[Your task] Everything from the line containing "by move=> d;" through the final line of the entries below should be repeated exactly, and nothing else.

[Records for processing]
Lemma rolle_interlace [h df : R -> R] z zs :
  (forall x : R, is_derive x 1 h (df x)) -> path <%R z zs -> {in z :: zs, forall x, h x = 0} ->
  exists ys, [/\ size ys = size zs, path <%R z ys & {in ys, forall y, df y = 0}].
Proof.
move=> dh; elim: zs z => [|z' zs IH] z /=; first by exists [::].
move=> /andP[zz' zs_path] hz.
have [|ys [ys_size ys_path dys]] := IH z' zs_path.
  by move=> x xs; apply: hz; rewrite inE xs orbT.
have [y /andP[zy yz'] hy] := mvt_open zz' dh.
move: hy; rewrite !hz ?inE ?eqxx ?orbT // subrr => /esym /eqP.
rewrite mulf_eq0 subr_eq0 (gt_eqF zz') orbF => /eqP dy.
exists (y :: ys); split => //=; first by rewrite ys_size.
  rewrite zy /=; case: ys ys_path {ys_size dys} => //= y' ys /andP[z'y' ->].
  by rewrite (lt_trans yz' z'y').
by move=> x; rewrite inE => /orP[/eqP -> //|/dys].
Qed.

End Derivatives.

Section ExponentialSums.
Context {R : realType}.
Implicit Types (p q : seq (R * R)) (t α : R).

Definition expsum p t : R := \sum_(x <- p) x.1 * expR (x.2 * t).

Definition expsum_dterms p := [seq (x.1 * x.2, x.2) | x <- p].

Definition shift_exponents α p := [seq (x.1, x.2 - α) | x <- p].

Lemma expsum_cons x p t : expsum (x :: p) t = x.1 * expR (x.2 * t) + expsum p t.
Proof. by rewrite /expsum big_cons. Qed.

Lemma is_derive_expsum p t : is_derive t 1 (expsum p) (expsum (expsum_dterms p) t).
Proof.
elim: p => [|x p IH].
  have -> : expsum [::] = cst 0 by apply/funext => s; rewrite /expsum big_nil.
  exact: is_derive_cst.
have -> : expsum (x :: p) = (fun s => x.1 * expR (x.2 * s)) + expsum p.
  by apply/funext => s; rewrite expsum_cons.
rewrite expsum_cons /=; apply: is_deriveD IH.
have da : is_derive t 1 (fun s : R => x.2 * s) x.2.
  by have := is_deriveZ x.2 (is_derive_id t 1); rewrite /GRing.scale /= mulr1.
have := @is_deriveZ R R R _ x.1 t 1 _ (is_derive1_comp (is_derive_expR (x.2 * t)) da).
by move=> d; apply: is_derive_eq d _; rewrite /GRing.scale /= [expR _ * _]mulrC mulrA.
Qed.

Lemma continuous_expsum p : continuous (expsum p).
Proof. exact: is_derive_continuous (is_derive_expsum p). Qed.

Lemma expsum_shift α p t :
  expsum (shift_exponents α p) t = expR (- α * t) * expsum p t.
Proof.
rewrite /expsum big_map mulr_sumr; apply: eq_bigr => x _ /=.
by rewrite mulrCA -expRD; congr (_ * expR _); ring.
Qed.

[Written solution]
by move=> d; apply: is_derive_eq d _; rewrite /GRing.scale /= [expR _ * _]mulrC mulrA.
Qed.

Lemma continuous_expsum p : continuous (expsum p).
Proof. exact: is_derive_continuous (is_derive_expsum p). Qed.

Lemma expsum_shift α p t :
  expsum (shift_exponents α p) t = expR (- α * t) * expsum p t.
Proof.
rewrite /expsum big_map mulr_sumr; apply: eq_bigr => x _ /=.
by rewrite mulrCA -expRD; congr (_ * expR _); ring.
Qed.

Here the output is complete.